Beat your brother for using illegal serials, then try restarting explorer. Go to the task manager, close explorer.exe, go to File>New Task and type "explorer." See if that helps, if not, grab unlocker and use that.

UNLOCKER 1.8.5 BY CEDRICK 'NITCH' COLLOMB

I use unlocker all the time.

[Dr. V]

Yea definitely beat the brother, and that unlocker isn't bad either - you should be up and running soon enough!

[screwballl]

you have a Trojan:

O16 - DPF: {1D0D9077-3798-49BB-9058-393499174D5D} - file://c:\counter.cab
O16 - DPF: {1D6711C8-7154-40BB-8380-3DEA45B69CBF} -

I would suggest getting rid of eTrust anti-virus and getting Avira ( AntiVir PersonalEdition Classic - More than Security ) and also getting a-squared to help with the trojan.

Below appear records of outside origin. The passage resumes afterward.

Lemma sum_time_hit_prob N :
  \sum_(r < N) r%:R * hit r = \sum_(r < N) surv r.+1 - N%:R * surv N.
Proof.
apply/eqP; rewrite eq_sym subr_eq; apply/eqP.
elim: N => [|N IH]; first by rewrite !big_ord0 mul0r addr0.
by rewrite !big_ord_recr /= IH survS -natr1; ring.
Qed.

Lemma surv_tail_le_sum N : N%:R * surv N <= \sum_(r < N) surv r.+1.
Proof.
have -> : N%:R * surv N = \sum_(r < N) surv N.
  by rewrite sumr_const card_ord mulr_natl.
by apply: ler_sum => r _; apply: surv_mono.
Qed.

Lemma avoid_le_Pow n j y : avoid (n + j) y <= \sum_z avoid n z * Pow P j z y.
Proof.
elim: j y => [|j IH] y.
  rewrite addn0 /= (bigD1 y) //= eqxx mulr1 big1 ?addr0 // => z /negbTE.
  by rewrite eq_sym => ->; rewrite mulr0.
rewrite addnS /=.
apply: (@le_trans _ _ (\sum_u (\sum_z avoid n z * Pow P j z u) * P u y)).
  apply: ler_sum => u _; apply: ler_wpM2r; first exact: HP.1.
  apply: le_trans (IH u).
  by case: (u \notin A (n + j)); rewrite ?mul1r ?mul0r ?avoid_ge0.
under [X in X <= _]eq_bigr do rewrite mulr_suml.
rewrite exchange_big /=; apply: ler_sum => z _; rewrite mulr_sumr.
by apply: ler_sum => u _; rewrite mulrA.
Qed.

Lemma surv_step n L :
  surv (n + L).+1 <= \sum_z avoid n z * (1 - Pow_set P L z (A (n + L))).
Proof.
rewrite survS_notin.
apply: (@le_trans _ _ (\sum_(y | y \notin A (n + L)) \sum_z avoid n z * Pow P L z y)).
  by apply: ler_sum => y _; apply: avoid_le_Pow.
rewrite exchange_big /=; apply: ler_sum => z _.
rewrite -mulr_sumr ler_wpM2l ?avoid_ge0 // (Pow_setC HP) subKr.
by rewrite le_eqVlt /Pow_set (eq_bigl _ _ (fun y => finset.in_setC y _)) eqxx.
Qed.

End Survival.

Section ExpectedHittingTime.
Variables (R : realType) (S : finType) (P : S -> S -> R).
Hypothesis HP : stochastic P.
Variables (x : S) (A : nat -> {set S}).
Local Notation surv := (surv P x A).
Local Notation hit := (hit_prob P x A).

Lemma hit_series_ge N : ((1 - surv N)%:E <= \sum_(0 <= t <oo) (hit t)%:E)%E.
Proof.
have := @nneseries_lim_ge R (fun t => (hit t)%:E) xpredT 0 N.
rewrite big_mkord sumEFin sum_hit_prob //; apply => n _ _.
by rewrite lee_fin hit_prob_ge0.
Qed.

Lemma hit_series_le m : (forall N, m <= surv N) ->
  (\sum_(0 <= t <oo) (hit t)%:E <= (1 - m)%:E)%E.
Proof.
move=> surv_ge; apply: lime_le.
  by apply: is_cvg_nneseries => n _ _; rewrite lee_fin hit_prob_ge0.
apply: nearW => N /=; rewrite big_mkord sumEFin sum_hit_prob // lee_fin.
by have := surv_ge N; lra.
Qed.

Lemma time_hit_series_ge N :
  ((\sum_(r < N) surv r.+1 - N%:R * surv N)%:E <=
    \sum_(0 <= t <oo) (t%:R * hit t)%:E)%E.
Proof.
have := @nneseries_lim_ge R (fun t => (t%:R * hit t)%:E) xpredT 0 N.
rewrite big_mkord sumEFin -sum_time_hit_prob //; apply => n _ _.
by rewrite lee_fin mulr_ge0 ?hit_prob_ge0.
Qed.

Lemma exp_hit_le (B : R) : (forall N, \sum_(r < N) surv r.+1 <= B) ->
  (exp_hit P x A <= B%:E)%E.
Proof.
move=> sum_le; have B0 : 0 <= B by have := sum_le 0%N; rewrite big_ord0.
have surv_small m : 0 < m -> exists N, surv N <= m.
  move=> m0; exists (Num.truncn (B / m)).+1.
  have := truncnS_gt (B / m); rewrite ltr_pdivrMr // => lt_Bm.
  have := le_trans (surv_tail_le_sum HP x A _) (sum_le (Num.truncn (B / m)).+1).
  have := surv_ge0 HP x A (Num.truncn (B / m)).+1; nra.
have hit_inf_le0 : (0 < hit_inf_prob P x A)%E = false.
  apply/negbTE; rewrite -leNgt /hit_inf_prob lee_subel_addr // add0e.
  apply/lee_subgt0Pr => e e0; have [N surv_le] := surv_small e e0.
  by apply: le_trans (hit_series_ge N); rewrite -EFinB lee_fin; lra.
rewrite /exp_hit ifF // adde0; apply: lime_le.
  by apply: is_cvg_nneseries => n _ _; rewrite lee_fin mulr_ge0 ?hit_prob_ge0.
apply: nearW => N /=; rewrite big_mkord sumEFin sum_time_hit_prob // lee_fin.
by have := sum_le N; have := mulr_ge0 (ler0n R N) (surv_ge0 HP x A N); lra.
Qed.

Lemma exp_hit_pinfty m : 0 < m -> (forall N, m <= surv N) -> exp_hit P x A = +oo%E.
Proof.
move=> m0 surv_ge; rewrite /exp_hit ifT ?addey //.
  rewrite gt_eqF // (lt_le_trans _ (time_hit_series_ge 0)) //.
  by rewrite big_ord0 mul0r subr0 ltNyr.
rewrite /hit_inf_prob (lt_le_trans _ (_ : m%:E <= _)%E) ?lte_fin //.
rewrite lee_suber_addl // (le_trans (leeD2r _ (hit_series_le surv_ge))) //.
by rewrite -EFinD lee_fin; lra.
Qed.

Lemma time_hit_partial_ge t M : (t <= M)%N ->
  t%:R * (surv t - surv M) <= \sum_(r < M) surv r.+1 - M%:R * surv M.
Proof.
move=> tM.
have -> : \sum_(r < M) surv r.+1 - M%:R * surv M = \sum_(0 <= r < M) (surv r.+1 - surv M).
  by rewrite big_mkord sumrB sumr_const card_ord mulr_natl.
rewrite (@big_cat_nat _ _ _ t 0 M) //= -[X in X <= _]addr0 lerD //.
  have -> : t%:R * (surv t - surv M) = \sum_(0 <= r < t) (surv t - surv M).
    by rewrite sumr_const_nat subn0 mulr_natl.
  by apply: ler_sum_nat => r /andP[_ rt]; rewrite lerD2r surv_mono.
rewrite big_nat_cond; apply: sumr_ge0 => r /andP[/andP[_ rM] _].
by rewrite subr_ge0 surv_mono.
Qed.

Lemma exp_hit_ge t : ((t%:R * surv t)%:E <= exp_hit P x A)%E.
Proof.
case: (pselect (forall m, 0 < m -> exists N, surv N <= m)) => [surv_small|]; last first.
  move=> /existsNP[m /not_implyP[m0 /forallNP surv_gt]].
  rewrite (exp_hit_pinfty m0) ?leey // => N.
  by have := surv_gt N; rewrite leNgt => /negP; rewrite negbK => /ltW.
apply: le_trans (_ : \sum_(0 <= t <oo) (t%:R * hit t)%:E <= _)%E; last first.
  by rewrite /exp_hit leeDl //; case: ifP.
have [-> | tpos] := eqVneq t 0%N.
  by rewrite mul0r (le_trans _ (time_hit_series_ge 0)) // big_ord0 mul0r subr0.
apply/lee_subgt0Pr => e e0.
have tpos' : 0 < t%:R :> R by rewrite ltr0n lt0n.
have [N surv_le] := surv_small (e / t%:R) (divr_gt0 e0 tpos').
apply: (le_trans _ (time_hit_series_ge (maxn N t))); rewrite -EFinB lee_fin.
apply: le_trans (time_hit_partial_ge (leq_maxr N t)).
have : surv (maxn N t) <= e / t%:R by apply: le_trans surv_le; apply: surv_mono => //; exact: leq_maxl.
by rewrite ler_pdivlMr // => ?; nra.
Qed.

End ExpectedHittingTime.

Lemma sum_geometric_decay (R : realType) (a : nat -> R) (K : nat) (g : R) :
  (forall n, 0 <= a n) -> (forall n, a n <= 1) -> 0 <= g ->
  (forall n, a (n + K)%N <= g * a n) ->
  forall N, (1 - g) * \sum_(r < N) a r <= K%:R.
Proof.
move=> a0 a1 g0 aK.
have telescope N : \sum_(r < N) a r - g * \sum_(r < N - K) a r <= K%:R.
  elim: N => [|N IH]; first by rewrite sub0n !big_ord0 mulr0 subr0.
  have [NK | KN] := ltnP N K.
    rewrite (_ : N.+1 - K = 0)%N ?big_ord0 ?mulr0 ?subr0; last by apply/eqP; rewrite subn_eq0.
    apply: (@le_trans _ _ (\sum_(r < N.+1) (1 : R))); first by apply: ler_sum => r _.
    by rewrite sumr_const card_ord ler_nat.
  rewrite subSn // !big_ord_recr /=.
  have := aK (N - K)%N; rewrite subnK // => aNK; nra.
move=> N; apply: le_trans (telescope N).
rewrite mulrBl mul1r lerD2l lerN2 ler_wpM2l // -!(big_mkord xpredT a).
by rewrite (@big_cat_nat _ _ _ (N - K) 0 N) ?leq_subr //= lerDl sumr_ge0.
Qed.

Section HittingUpperBound.
Variables (R : realType) (S : finType) (P : S -> S -> R) (pi : S -> R).
Hypotheses (HP : stochastic P) (Hpi : stationary P pi).

Lemma Pow_set_ge_mass L y (B : {set S}) :
  mass pi B - dist_t P pi L <= Pow_set P L y B.
Proof.
have := tv_ge_sum_set B (proj1 (proj2 Hpi)) (Pow_sum1 HP L y).
rewrite tv_sym sumrB /mass => le_tv; have := le_dist P pi L y.
rewrite /Pow_set; lra.
Qed.

(* Every [L.+1] steps the target is hit with probability at least [alpha / 2]. *)
Lemma exp_hit_le_of_dist (alpha : R) L x A :
  0 < alpha -> alpha <= 1 -> dist_t P pi L <= alpha / 2 ->
  (forall t, alpha <= mass pi (A t)) ->
  (exp_hit P x A <= (L.+1%:R / (alpha / 2))%:E)%E.
Proof.
move=> a0 a1 dL massA.
have step n : surv P x A (n + L.+1) <= (1 - alpha / 2) * surv P x A n.
  rewrite addnS; apply: le_trans (surv_step HP x A n L) _.
  rewrite /surv mulr_sumr; apply: ler_sum => y _.
  rewrite mulrC ler_wpM2r ?avoid_ge0 //.
  by have := Pow_set_ge_mass L y (A (n + L)%N); have := massA (n + L)%N; lra.
have g0 : 0 <= 1 - alpha / 2 by lra.
have sum_le := sum_geometric_decay (surv_ge0 HP x A) (surv_le1 HP x A) g0 step.
rewrite (_ : 1 - (1 - alpha / 2) = alpha / 2) in sum_le; last by ring.
apply: exp_hit_le => // N; rewrite ler_pdivlMr; last by lra.
rewrite mulrC.
apply: le_trans (sum_le N); apply: ler_wpM2l; first by lra.
by apply: ler_sum => r _; rewrite surv_mono.
Qed.

Lemma exp_hit_le0 x (A : nat -> {set S}) : x \in A 0%N -> (exp_hit P x A <= 0%:E)%E.
Proof.
move=> xA; have surv1 : surv P x A 1 = 0.
  by rewrite survS_notin //= big1 // => y yA; case: eqP => // y_eq; rewrite y_eq xA in yA.
apply: exp_hit_le => // N; rewrite big1 // => r _.
by apply/eqP; rewrite eq_le surv_ge0 // andbT -surv1 surv_mono.
Qed.

End HittingUpperBound.

Section OptionalStopping.
Variables (R : realType) (S : finType) (P : S -> S -> R).
Hypothesis HP : stochastic P.
Variables (t : nat) (B : {set S}) (x : S) (A : nat -> {set S}).
Local Notation avoid := (avoid P x A).

(* [s |-> Pow_set P (t - s) X_s B] is a martingale up to time [t]; stop it at [tau_A]. *)
Lemma optional_stopping s : (s <= t)%N ->
  \sum_y avoid s y * Pow_set P (t - s) y B
  + \sum_(r < s) \sum_(y in A r) avoid r y * Pow_set P (t - r) y B = Pow_set P t x B.
Proof.
elim: s => [|s IH] st.
  rewrite big_ord0 addr0 subn0 /= (bigD1 x) //= eqxx mul1r big1 ?addr0 //.
  by move=> y /negbTE ->; rewrite mul0r.
rewrite -IH ?(ltnW st) // big_ord_recr /= [X in _ + X]addrC addrA; congr (_ + _).
have -> : \sum_y avoid s.+1 y * Pow_set P (t - s.+1) y B =
    \sum_(z | z \notin A s) avoid s z * Pow_set P (t - s) z B.
  rewrite /=; under eq_bigr do rewrite mulr_suml.
  rewrite exchange_big /= [in RHS]big_mkcond /=; apply: eq_bigr => z _.
  rewrite -(subnSK st) Pow_setSl mulr_sumr.
  case: (z \notin A s); rewrite ?mul1r ?mul0r; last by rewrite big1 // => y _; rewrite !mul0r.
  by apply: eq_bigr => y _; rewrite mulrA.
by rewrite [in RHS](bigID (mem (A s))) /= addrC.
Qed.

Lemma hit_before_le (h : R) : 0 <= h ->
  (forall r y, y \in A r -> h <= Pow_set P (t - r) y B) ->
  h * (1 - surv P x A t.+1) <= Pow_set P t x B.
Proof.
move=> h0 hA.
have hit_le r : h * hit_prob P x A r <= \sum_(y in A r) avoid r y * Pow_set P (t - r) y B.
  rewrite /hit_prob mulr_sumr; apply: ler_sum => y yA.
  by rewrite mulrC ler_wpM2l ?avoid_ge0 ?hA.
rewrite -(sum_hit_prob HP x A t.+1) -(optional_stopping (leqnn t)) big_ord_recr /=.
rewrite mulrDr mulr_sumr addrC lerD //; last by apply: ler_sum => r _; apply: hit_le.
apply: le_trans (hit_le t) _; rewrite [X in _ <= X](bigID (mem (A t))) /= lerDl.
by apply: sumr_ge0 => y _; rewrite mulr_ge0 ?avoid_ge0 ?Pow_set_ge0.
Qed.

Once these are installed then go to safe mode and run full system scans with both


A few things I saw that may need some cleaning out, this mostly spyware and other problematic junk:

R1 - HKCU\Software\Microsoft\Internet Explorer\Main,Start Page_bak = Play Games, Free Online Games at AddictingGames
O2 - BHO: SDWin32 Class - {31822611-3879-4A74-A9AA-416B6AB0F09A} - C:\WINDOWS\System32\dpylg.dll (file missing)
O2 - BHO: (no name) - {D80C4E21-C346-4E21-8E64-20746AA20AEB} - (no file)

O2 - BHO: Viewpoint Toolbar BHO - {A7327C09-B521-4EDB-8509-7D2660C9EC98} - C:\Program Files\Viewpoint\Viewpoint Toolbar\ViewBarBHO.dll

O4 - HKCU\..\Run: [LDM] C:\Program Files\Logitech\Desktop Messenger\8876480\Program\BackWeb-8876480.exe

O8 - Extra context menu item: &Viewpoint Search - res://C:\Program Files\Viewpoint\Viewpoint Toolbar\ViewBar.dll/CXTSEARCH.HTML

O9 - Extra button: WeatherBug - {AF6CABAB-61F9-4f12-A198-B7D41EF1CB52} - C:\PROGRA~1\AWS\WEATHE~1\Weather.exe (HKCU)

[duckingzebra]

ok i ran hijackthis again and selected and fixed the problems u mentioned, rescanned and they didnt come up again, so no more trojans? i also dloaded and installed antivir and deleted etrust and when a-squared is done dloading im gonna reboot in safe mode and scan my comp with antivir, a-squared, sb search and destrtoy, and adaware se. so that might take a while, so when i can get rebooted again in normal mode, cause it wont let me access the internet in safe mode, ill report back and have u walk me through getting rid of those to programs on my desktop, cause there still there. nice catch on those trojans though screwball. ok so ill talk to you guys in a little while, which will probably be a lot while cause my comp is slow...lol

Updade:
ok i rebooted in safe mode and ran antivir, a-squared, sb s&d, and adaware se, and got rid of a lot of crap including a couple of trojans. and i had hijackthis delete those programs on a reboot and there gone, so i think problem solved.